• **WHAT IS BEING ASKED**:
Filter the listing below, keeping only the lines with the word "hpos".

EXERCISE MATERIALS START

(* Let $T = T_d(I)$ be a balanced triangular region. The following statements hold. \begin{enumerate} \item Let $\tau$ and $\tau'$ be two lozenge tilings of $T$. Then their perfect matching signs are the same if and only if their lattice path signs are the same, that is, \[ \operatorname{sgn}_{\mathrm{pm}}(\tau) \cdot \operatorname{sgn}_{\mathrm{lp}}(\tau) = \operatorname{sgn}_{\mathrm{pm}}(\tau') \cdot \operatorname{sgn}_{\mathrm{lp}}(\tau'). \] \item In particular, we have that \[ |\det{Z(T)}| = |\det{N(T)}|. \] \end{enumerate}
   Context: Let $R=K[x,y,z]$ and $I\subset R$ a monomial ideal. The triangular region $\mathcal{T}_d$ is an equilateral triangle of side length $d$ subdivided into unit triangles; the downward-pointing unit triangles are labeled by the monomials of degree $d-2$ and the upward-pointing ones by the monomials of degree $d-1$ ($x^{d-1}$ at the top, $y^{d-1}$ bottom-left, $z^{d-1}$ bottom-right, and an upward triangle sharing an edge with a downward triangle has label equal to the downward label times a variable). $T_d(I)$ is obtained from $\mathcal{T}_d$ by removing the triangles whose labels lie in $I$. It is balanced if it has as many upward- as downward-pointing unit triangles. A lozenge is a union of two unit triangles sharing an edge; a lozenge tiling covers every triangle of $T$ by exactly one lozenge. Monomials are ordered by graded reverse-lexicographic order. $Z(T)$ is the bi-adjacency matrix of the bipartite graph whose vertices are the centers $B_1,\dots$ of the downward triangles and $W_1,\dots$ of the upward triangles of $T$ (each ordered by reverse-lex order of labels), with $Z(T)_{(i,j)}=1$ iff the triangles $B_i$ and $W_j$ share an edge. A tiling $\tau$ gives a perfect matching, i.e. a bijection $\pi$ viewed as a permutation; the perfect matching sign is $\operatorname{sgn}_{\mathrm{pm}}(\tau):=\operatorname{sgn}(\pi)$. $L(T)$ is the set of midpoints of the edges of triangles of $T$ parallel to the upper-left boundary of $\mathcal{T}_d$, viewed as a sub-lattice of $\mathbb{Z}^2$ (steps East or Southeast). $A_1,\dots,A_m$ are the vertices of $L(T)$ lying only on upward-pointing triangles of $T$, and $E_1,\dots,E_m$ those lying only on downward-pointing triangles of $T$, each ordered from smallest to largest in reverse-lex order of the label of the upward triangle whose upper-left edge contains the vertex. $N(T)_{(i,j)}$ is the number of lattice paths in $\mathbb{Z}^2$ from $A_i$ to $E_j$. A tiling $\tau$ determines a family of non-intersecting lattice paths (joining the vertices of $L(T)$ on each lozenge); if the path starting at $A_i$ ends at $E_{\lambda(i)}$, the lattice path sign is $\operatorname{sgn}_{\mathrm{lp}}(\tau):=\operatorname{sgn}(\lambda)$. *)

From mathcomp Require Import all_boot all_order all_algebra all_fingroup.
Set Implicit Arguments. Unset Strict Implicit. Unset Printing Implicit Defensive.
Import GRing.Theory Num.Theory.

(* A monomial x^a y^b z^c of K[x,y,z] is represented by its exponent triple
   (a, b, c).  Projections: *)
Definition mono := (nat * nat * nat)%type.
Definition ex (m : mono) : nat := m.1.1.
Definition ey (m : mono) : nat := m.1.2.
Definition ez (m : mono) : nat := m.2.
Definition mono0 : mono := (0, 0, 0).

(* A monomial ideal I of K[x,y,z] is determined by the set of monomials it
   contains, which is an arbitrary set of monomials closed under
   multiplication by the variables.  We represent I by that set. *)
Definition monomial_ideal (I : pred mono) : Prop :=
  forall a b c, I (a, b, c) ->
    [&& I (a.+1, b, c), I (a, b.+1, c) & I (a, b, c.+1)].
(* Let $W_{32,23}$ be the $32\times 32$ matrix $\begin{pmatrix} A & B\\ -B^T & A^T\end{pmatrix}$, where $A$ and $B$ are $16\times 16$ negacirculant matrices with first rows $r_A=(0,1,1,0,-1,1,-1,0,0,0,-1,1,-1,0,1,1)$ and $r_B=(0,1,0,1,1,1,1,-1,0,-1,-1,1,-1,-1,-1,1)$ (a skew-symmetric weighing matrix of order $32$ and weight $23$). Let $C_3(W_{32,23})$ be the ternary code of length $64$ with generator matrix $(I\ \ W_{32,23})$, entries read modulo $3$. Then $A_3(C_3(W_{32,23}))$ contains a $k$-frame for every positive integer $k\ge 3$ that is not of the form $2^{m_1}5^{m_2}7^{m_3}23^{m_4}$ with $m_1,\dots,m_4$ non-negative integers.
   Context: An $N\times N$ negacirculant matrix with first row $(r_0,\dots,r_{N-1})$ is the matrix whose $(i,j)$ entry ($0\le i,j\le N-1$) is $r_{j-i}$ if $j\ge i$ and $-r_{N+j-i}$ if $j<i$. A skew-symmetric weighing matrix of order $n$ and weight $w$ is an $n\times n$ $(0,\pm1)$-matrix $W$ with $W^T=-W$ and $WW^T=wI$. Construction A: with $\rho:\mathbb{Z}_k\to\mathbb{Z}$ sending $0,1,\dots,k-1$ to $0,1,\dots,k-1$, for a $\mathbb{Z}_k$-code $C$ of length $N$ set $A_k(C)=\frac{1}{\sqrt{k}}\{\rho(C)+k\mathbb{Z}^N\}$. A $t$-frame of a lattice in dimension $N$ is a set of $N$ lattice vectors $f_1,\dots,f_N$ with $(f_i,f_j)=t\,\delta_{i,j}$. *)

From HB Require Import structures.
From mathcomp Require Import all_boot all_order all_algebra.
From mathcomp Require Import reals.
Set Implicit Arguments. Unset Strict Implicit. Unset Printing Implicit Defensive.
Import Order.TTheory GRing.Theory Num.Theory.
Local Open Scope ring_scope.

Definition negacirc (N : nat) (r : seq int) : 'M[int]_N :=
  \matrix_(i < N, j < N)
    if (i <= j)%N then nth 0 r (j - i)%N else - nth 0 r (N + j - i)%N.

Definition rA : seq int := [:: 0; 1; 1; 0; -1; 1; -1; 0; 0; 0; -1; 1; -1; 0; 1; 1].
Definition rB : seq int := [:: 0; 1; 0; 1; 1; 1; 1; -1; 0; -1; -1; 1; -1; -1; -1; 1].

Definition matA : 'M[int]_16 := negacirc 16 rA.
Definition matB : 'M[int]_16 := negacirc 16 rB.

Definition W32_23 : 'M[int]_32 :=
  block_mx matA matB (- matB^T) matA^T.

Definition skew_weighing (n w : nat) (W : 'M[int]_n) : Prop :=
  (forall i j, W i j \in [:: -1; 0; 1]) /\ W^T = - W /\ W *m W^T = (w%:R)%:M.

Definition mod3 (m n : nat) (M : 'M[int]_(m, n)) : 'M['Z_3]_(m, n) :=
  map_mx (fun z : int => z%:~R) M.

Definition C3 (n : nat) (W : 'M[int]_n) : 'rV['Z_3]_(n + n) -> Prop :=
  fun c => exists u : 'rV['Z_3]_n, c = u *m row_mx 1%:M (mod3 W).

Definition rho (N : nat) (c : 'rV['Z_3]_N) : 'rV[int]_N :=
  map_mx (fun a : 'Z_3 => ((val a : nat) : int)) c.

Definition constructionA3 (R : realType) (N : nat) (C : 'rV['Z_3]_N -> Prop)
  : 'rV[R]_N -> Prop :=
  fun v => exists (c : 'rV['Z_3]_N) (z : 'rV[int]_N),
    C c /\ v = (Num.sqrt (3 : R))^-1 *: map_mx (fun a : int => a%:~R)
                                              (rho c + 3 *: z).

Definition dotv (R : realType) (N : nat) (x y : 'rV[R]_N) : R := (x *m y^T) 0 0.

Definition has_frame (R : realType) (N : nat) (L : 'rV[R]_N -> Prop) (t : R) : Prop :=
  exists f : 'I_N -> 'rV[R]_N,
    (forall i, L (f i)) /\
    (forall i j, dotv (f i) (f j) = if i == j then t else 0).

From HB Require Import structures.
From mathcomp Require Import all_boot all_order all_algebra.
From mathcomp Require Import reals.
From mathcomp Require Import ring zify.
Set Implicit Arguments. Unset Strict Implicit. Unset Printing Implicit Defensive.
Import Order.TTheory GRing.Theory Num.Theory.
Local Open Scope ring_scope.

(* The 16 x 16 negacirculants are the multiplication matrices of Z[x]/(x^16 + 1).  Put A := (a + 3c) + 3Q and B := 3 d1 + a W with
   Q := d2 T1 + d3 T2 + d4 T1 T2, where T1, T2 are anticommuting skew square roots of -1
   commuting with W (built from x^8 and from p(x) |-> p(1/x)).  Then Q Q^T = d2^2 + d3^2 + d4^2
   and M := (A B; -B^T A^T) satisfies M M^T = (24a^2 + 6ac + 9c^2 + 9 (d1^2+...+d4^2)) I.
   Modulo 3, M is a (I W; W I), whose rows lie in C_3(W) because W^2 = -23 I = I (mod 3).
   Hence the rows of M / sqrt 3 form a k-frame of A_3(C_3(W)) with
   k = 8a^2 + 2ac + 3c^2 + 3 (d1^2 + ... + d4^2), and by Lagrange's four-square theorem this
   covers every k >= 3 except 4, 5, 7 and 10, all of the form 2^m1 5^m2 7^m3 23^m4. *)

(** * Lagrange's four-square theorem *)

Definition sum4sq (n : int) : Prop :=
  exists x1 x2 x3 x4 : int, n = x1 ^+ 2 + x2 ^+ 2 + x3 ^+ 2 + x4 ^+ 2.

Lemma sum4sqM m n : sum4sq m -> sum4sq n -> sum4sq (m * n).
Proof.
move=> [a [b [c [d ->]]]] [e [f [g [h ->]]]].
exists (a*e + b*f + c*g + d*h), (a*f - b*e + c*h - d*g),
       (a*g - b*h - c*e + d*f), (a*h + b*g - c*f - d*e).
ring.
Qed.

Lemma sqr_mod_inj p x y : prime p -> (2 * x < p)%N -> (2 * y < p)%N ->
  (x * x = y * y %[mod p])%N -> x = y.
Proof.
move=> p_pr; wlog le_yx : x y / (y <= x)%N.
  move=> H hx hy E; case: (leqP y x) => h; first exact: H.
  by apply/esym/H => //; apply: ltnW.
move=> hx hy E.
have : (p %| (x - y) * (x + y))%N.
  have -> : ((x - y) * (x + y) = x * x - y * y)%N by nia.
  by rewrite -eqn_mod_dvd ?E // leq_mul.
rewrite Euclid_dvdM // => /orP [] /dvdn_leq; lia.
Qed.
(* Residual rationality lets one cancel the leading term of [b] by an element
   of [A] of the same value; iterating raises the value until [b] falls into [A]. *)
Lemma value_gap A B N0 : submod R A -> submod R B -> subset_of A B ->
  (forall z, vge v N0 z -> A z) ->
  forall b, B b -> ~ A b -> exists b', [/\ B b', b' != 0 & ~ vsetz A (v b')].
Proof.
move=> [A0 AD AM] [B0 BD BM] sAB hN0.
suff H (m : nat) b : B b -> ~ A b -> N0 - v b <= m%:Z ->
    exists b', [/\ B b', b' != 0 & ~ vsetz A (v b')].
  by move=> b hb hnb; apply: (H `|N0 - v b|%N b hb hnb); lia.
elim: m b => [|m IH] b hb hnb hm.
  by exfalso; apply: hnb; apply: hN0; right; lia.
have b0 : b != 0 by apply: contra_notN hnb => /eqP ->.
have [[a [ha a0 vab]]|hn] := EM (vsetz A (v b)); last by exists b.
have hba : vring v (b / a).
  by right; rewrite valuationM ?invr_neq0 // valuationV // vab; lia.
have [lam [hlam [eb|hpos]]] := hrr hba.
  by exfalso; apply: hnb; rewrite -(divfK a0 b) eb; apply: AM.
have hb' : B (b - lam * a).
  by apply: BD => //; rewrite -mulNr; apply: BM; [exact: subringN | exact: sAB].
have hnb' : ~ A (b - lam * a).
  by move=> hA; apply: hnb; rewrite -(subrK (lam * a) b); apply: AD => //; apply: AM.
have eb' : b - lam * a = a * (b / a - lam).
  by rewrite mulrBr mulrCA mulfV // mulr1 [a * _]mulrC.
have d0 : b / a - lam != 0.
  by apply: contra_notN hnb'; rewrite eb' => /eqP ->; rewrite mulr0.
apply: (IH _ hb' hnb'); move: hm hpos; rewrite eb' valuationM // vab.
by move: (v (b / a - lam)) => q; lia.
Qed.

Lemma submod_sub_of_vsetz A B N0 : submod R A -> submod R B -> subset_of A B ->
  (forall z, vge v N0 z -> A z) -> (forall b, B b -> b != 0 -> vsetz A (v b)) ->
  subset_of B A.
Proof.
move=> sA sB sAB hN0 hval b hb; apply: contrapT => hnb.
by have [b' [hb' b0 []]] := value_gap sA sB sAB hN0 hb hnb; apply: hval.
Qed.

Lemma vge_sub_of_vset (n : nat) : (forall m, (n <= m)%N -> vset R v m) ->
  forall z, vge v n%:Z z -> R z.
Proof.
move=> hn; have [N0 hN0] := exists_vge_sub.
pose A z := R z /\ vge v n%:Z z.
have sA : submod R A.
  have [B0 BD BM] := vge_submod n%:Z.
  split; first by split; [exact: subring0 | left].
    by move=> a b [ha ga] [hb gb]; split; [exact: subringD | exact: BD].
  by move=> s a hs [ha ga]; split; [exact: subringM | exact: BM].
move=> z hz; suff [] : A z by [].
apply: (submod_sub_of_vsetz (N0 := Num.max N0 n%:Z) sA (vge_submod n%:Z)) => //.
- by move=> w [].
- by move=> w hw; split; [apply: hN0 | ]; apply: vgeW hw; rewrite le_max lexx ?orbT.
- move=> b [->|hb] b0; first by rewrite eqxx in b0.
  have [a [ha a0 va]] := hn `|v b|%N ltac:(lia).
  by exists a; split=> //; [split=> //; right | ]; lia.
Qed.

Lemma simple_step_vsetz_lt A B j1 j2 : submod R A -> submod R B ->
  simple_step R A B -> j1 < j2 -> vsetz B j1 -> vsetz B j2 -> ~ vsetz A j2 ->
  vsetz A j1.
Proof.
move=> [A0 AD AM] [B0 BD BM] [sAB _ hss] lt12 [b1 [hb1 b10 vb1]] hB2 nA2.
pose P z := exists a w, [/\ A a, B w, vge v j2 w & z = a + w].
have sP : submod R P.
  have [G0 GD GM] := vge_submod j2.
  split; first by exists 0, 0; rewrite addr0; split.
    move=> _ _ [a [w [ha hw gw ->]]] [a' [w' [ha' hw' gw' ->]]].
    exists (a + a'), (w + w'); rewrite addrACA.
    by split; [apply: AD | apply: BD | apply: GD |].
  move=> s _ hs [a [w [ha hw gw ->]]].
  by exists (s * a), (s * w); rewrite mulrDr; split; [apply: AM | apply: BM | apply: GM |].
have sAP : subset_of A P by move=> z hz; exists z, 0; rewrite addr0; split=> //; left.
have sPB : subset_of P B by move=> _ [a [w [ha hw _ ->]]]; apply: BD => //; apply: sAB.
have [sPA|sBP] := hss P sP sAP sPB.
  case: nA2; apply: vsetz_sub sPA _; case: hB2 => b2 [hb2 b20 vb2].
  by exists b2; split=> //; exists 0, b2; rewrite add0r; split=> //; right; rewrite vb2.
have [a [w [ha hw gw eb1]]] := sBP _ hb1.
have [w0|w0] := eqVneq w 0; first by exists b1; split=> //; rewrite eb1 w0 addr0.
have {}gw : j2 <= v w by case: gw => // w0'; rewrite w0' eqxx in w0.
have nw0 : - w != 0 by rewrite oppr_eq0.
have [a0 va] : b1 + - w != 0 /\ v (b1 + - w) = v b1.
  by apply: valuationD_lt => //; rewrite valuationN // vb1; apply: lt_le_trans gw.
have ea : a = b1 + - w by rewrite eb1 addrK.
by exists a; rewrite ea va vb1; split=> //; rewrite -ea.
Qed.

EXERCISE MATERIALS END

• **RESPONSE TO THE TASK**:
have [lam [hlam [eb|hpos]]] := hrr hba.
apply: (IH _ hb' hnb'); move: hm hpos; rewrite eb' valuationM // vab.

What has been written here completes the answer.